▶ [Exercise instructions] Read through the material below and find each line that has the word "split"; copy it.

----

Section Resolvent.
Variables (R : realType) (n : nat) (At K : 'M[R]_n) (rA : R).
Hypotheses (At0 : mx_nonneg At) (K0 : mx_nonneg K) (K_neq0 : K != 0)
  (At_irr : mx_irreducible At) (rA_gt0 : 0 < rA)
  (rho_rA : spectral_radius (At + rA *: K) = 1)
  (rho_lt1 : forall r, 0 <= r < rA -> spectral_radius (At + r *: K) < 1).

Definition resolvent (r : R) := invmx (1%:M - At - r *: K).

Lemma resolvent_1subr r : 1%:M - At - r *: K = 1%:M - (At + r *: K).
Proof. by rewrite opprD addrA. Qed.

Lemma perturbation_nonneg r : 0 <= r -> mx_nonneg (At + r *: K).
Proof. by move=> r0 i j; rewrite mx_addZ_entry addr_ge0 ?mulr_ge0. Qed.

Lemma dim_gt0 : (0 < n)%N.
Proof.
have [a [b _]] := mx_nonneg_neq0_pos_entry K0 K_neq0.
exact: leq_ltn_trans (leq0n a) (ltn_ord a).
Qed.

Lemma perturbation_invmx_nonneg r : 0 <= r < rA ->
  (1%:M - (At + r *: K)) \in unitmx /\ mx_nonneg (invmx (1%:M - (At + r *: K))).
Proof.
move=> r_in; apply: invmx_nonneg_of_spectral_radius_lt1 (rho_lt1 r_in).
by apply: perturbation_nonneg; case/andP: r_in.
Qed.

Lemma resolvent_unit r : 0 <= r < rA -> (1%:M - At - r *: K) \in unitmx.
Proof. by rewrite resolvent_1subr => /perturbation_invmx_nonneg []. Qed.

Lemma irreducible_by_perturbation :
  exists2 c, 0 < c <= 1 & forall r, 0 <= r -> mx_irreducible_by c (At + r *: K).
Proof.
have [c c01 Atc] := mx_irreducible_by_exists At0 At_irr.
exists c => // r r0 S S0 ST; have [i [k [iS kS cik]]] := Atc S S0 ST.
by exists i, k; split=> //; apply: le_trans cik _; rewrite mx_addZ_entry lerDl mulr_ge0.
Qed.

Lemma resolvent_harnack : exists2 c, 0 < c & forall r, 0 <= r < rA ->
  forall i j a b, c ^+ (n + n) * resolvent r i j <= resolvent r a b.
Proof.
have [c c01 Xc] := irreducible_by_perturbation.
exists c => [|r r_in]; first by case/andP: c01.
have r0 : 0 <= r by case/andP: r_in.
have [U N0] := perturbation_invmx_nonneg r_in.
rewrite /resolvent resolvent_1subr.
exact: invmx_harnack (perturbation_nonneg r0) c01 (Xc r r0) U N0.
Qed.

Lemma resolvent_pos r : 0 <= r < rA -> mx_pos (resolvent r).
Proof.
move=> r_in; have r0 : 0 <= r by case/andP: r_in.
have [c c01 Xc] := irreducible_by_perturbation.
have [U N0] := perturbation_invmx_nonneg r_in.
rewrite /resolvent resolvent_1subr.
exact: invmx_pos (perturbation_nonneg r0) c01 (Xc r r0) U N0.
Qed.

Lemma resolventD r1 r2 : 0 <= r1 < rA -> 0 <= r2 < rA ->
  resolvent r2 - resolvent r1 = (r2 - r1) *: (resolvent r1 *m K *m resolvent r2).
Proof.
move=> r1_in r2_in.
have U1 := resolvent_unit r1_in; have U2 := resolvent_unit r2_in.
have -> : resolvent r2 - resolvent r1 =
    resolvent r1 *m ((1%:M - At - r1 *: K) - (1%:M - At - r2 *: K)) *m resolvent r2.
  by rewrite mulmxBr mulmxBl mulVmx // mul1mx -mulmxA mulmxV // mulmx1.
have -> : (1%:M - At - r1 *: K) - (1%:M - At - r2 *: K) = (r2 - r1) *: K.
  by apply/matrixP => i j; rewrite !mxE; ring.
by rewrite -scalemxAr -scalemxAl.
Qed.

Lemma resolvent_lt r1 r2 : 0 <= r1 -> r1 < r2 -> r2 < rA ->
  mx_pos (resolvent r2 - resolvent r1).
Proof.
move=> r10 r12 r2A.
have r1_in : 0 <= r1 < rA by rewrite r10 (lt_trans r12 r2A).
have r2_in : 0 <= r2 < rA by rewrite (le_trans r10 (ltW r12)) r2A.
rewrite resolventD // => i j; rewrite mxE mulr_gt0 ?subr_gt0 //.
exact: (mx_pos_mulmx_nonneg_neq0 (resolvent_pos r1_in) K0 K_neq0 (resolvent_pos r2_in)).
Qed.

(* If every [resolvent r] had an entry below [W], Harnack would bound all its
   entries uniformly, contradicting [rho (At + rA K) = 1]. *)
Lemma resolvent_unbounded (W : R) :
  exists2 r, 0 <= r < rA & forall i j, W <= resolvent r i j.
Proof.
apply: contrapT => no_r.
have [c c0 harnack] := resolvent_harnack.
pose b := W / c ^+ (n + n).
have Nb r : 0 <= r < rA -> forall i j, resolvent r i j <= b.
  move=> r_in i j; have [a [a' small]] : exists a a', resolvent r a a' < W.
    apply: contra_notP no_r => big; exists r => // a a'.
    by rewrite leNgt; apply/negP => small; apply: big; exists a, a'.
  rewrite ler_pdivlMr ?exprn_gt0 // mulrC; apply: le_trans (ltW small).
  exact: harnack.
have b0 : 0 <= b.
  have r_in : (0 : R) <= 0 < rA by rewrite lexx rA_gt0.
  pose a0 := Ordinal dim_gt0.
  by apply: le_trans (Nb 0 r_in a0 a0); exact: ltW (resolvent_pos r_in a0 a0).
pose kap := \sum_j \sum_i K i j.
have Kkap j : \sum_i K i j <= kap.
  by apply: (ler_sum_term (F := fun j => \sum_i K i j)) => j'; rewrite sumr_ge0.
have kap0 : 0 <= kap by rewrite sumr_ge0 // => j _; rewrite sumr_ge0.
have [d /andP [d0 d1] [d_rA small]] :=
  exists_small_perturbation (mulr_ge0 (ler0n _ n) b0) kap0 rA_gt0.
have r_in : 0 <= rA - d < rA by apply/andP; split; lra.
have [U N0] := perturbation_invmx_nonneg r_in.
suff : 1 <= n%:R * b * (d + d * kap) by lra.
apply: (spectral_radius_near1_invmx_bound (Y := At + (rA - d) *: K) (E := d *: K)) => //.
- by apply: perturbation_nonneg; lra.
- exact: mx_nonneg_scale (ltW d0) K0.
- by move=> i j; rewrite -resolvent_1subr; exact: Nb.
- move=> j; have -> : \sum_i (d *: K) i j = d * \sum_i K i j.
    by rewrite mulr_sumr; apply: eq_bigr => i _; rewrite mxE.
  by rewrite ler_wpM2l ?(ltW d0).
- by rewrite (ltW d0) d1.
- by rewrite -addrA -scalerDl subrK rho_rA; lra.
Qed.

Variables (L B : 'M[R]_n).
Hypotheses (L0 : mx_nonneg L) (L_row : forall i, exists k, 0 < L i k)
  (B0 : mx_nonneg B) (B_col : forall j, exists k, 0 < B k j).

Local Notation M := (Mmat L At K B).

Lemma Mmat_pos r : 0 <= r < rA -> mx_pos (M r).
Proof.
by move=> r_in; apply: mx_pos_mulmx_col => //; apply: mx_pos_mulmx_row => //; exact: resolvent_pos.
Qed.

Lemma Mmat_lt r1 r2 : 0 <= r1 -> r1 < r2 -> r2 < rA -> forall i j, M r1 i j < M r2 i j.
Proof.
move=> r10 r12 r2A i j; rewrite -subr_gt0 -mx_sub_entry /Mmat -mulmxBl -mulmxBr.
by apply: mx_pos_mulmx_col => //; apply: mx_pos_mulmx_row => //; exact: resolvent_lt.
Qed.

Lemma Mmat_continuous : {within `[0, rA[, continuous M}.
Proof.
apply: continuous_in_subspaceT => r; rewrite inE /= in_itv /= => r_in.
apply: cvg_mx_entrywise; apply: cvg_mulmx => [|i j]; last exact: cvg_cst.
apply: cvg_mulmx => [i j|]; first exact: cvg_cst.
exact: cvg_invmx_affine (resolvent_unit r_in).
Qed.

Lemma spectral_radius_Mmat_lt r1 r2 : 0 <= r1 -> r1 < r2 -> r2 < rA ->
  spectral_radius (M r1) < spectral_radius (M r2).
Proof.
move=> r10 r12 r2A; apply: spectral_radius_lt dim_gt0 _ (Mmat_lt r10 r12 r2A).
by move=> i j; apply: ltW; apply: Mmat_pos; rewrite r10 (lt_trans r12 r2A).
Qed.

Lemma spectral_radius_Mmat_unbounded : spectral_radius (M r) @[r --> rA^'-] --> +oo.
Proof.
pose J : 'M[R]_n := const_mx 1.
have LJB_pos : mx_pos (L *m J *m B).
  by apply: mx_pos_mulmx_col => //; apply: mx_pos_mulmx_row => // ? ?; rewrite mxE.
have [m m0 mLJB] := exists_pos_lbound (fun ij : 'I_n * 'I_n => LJB_pos ij.1 ij.2).
apply/cvgryPgt => A; pose W := (`|A| + 1) / m.
have Wm : W * m = `|A| + 1 by rewrite mulfVK ?gt_eqF.
have W0 : 0 <= W by apply: divr_ge0 (ltW m0); exact: addr_ge0 (normr_ge0 A) ler01.
have [r0 /andP [r00 r0A] Wr0] := resolvent_unbounded W.
near=> r.
have r0r : r0 < r by near: r; exact: nbhs_left_gt.
have rrA : r < rA by near: r; exact: nbhs_left_lt.
have W_le i j : W <= resolvent r i j.
  apply: le_trans (Wr0 i j) (ltW _).
  by have := resolvent_lt r00 r0r rrA i j; rewrite mx_sub_entry subr_gt0.
have M_ge i j : W * m <= M r i j.
  apply: le_trans (_ : W * (L *m J *m B) i j <= _).
    by rewrite ler_wpM2l //; exact: mLJB (i, j).
  have : mx_nonneg (L *m (resolvent r - W *: J) *m B).
    apply: mx_nonneg_mul => //; apply: mx_nonneg_mul => // a b.
    by rewrite mx_subZ_entry mxE mulr1 subr_ge0.
  by rewrite mulmxBr mulmxBl -scalemxAr -scalemxAl => /(_ i j); rewrite mx_subZ_entry subr_ge0.
apply: lt_le_trans (min_entry_le_spectral_radius dim_gt0 _ M_ge); rewrite Wm.
- by apply: le_lt_trans (ler_norm A) _; rewrite ltrDl.
- by rewrite ltr_wpDl.
Unshelve. all: by end_near.
Qed.

End Resolvent.

Unset Implicit Arguments.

----

▶ [Result of this task]
by exists i, k; split=> //; apply: le_trans cik _; rewrite mx_addZ_entry lerDl mulr_ge0.
have r_in : 0 <= rA - d < rA by apply/andP; split; lra.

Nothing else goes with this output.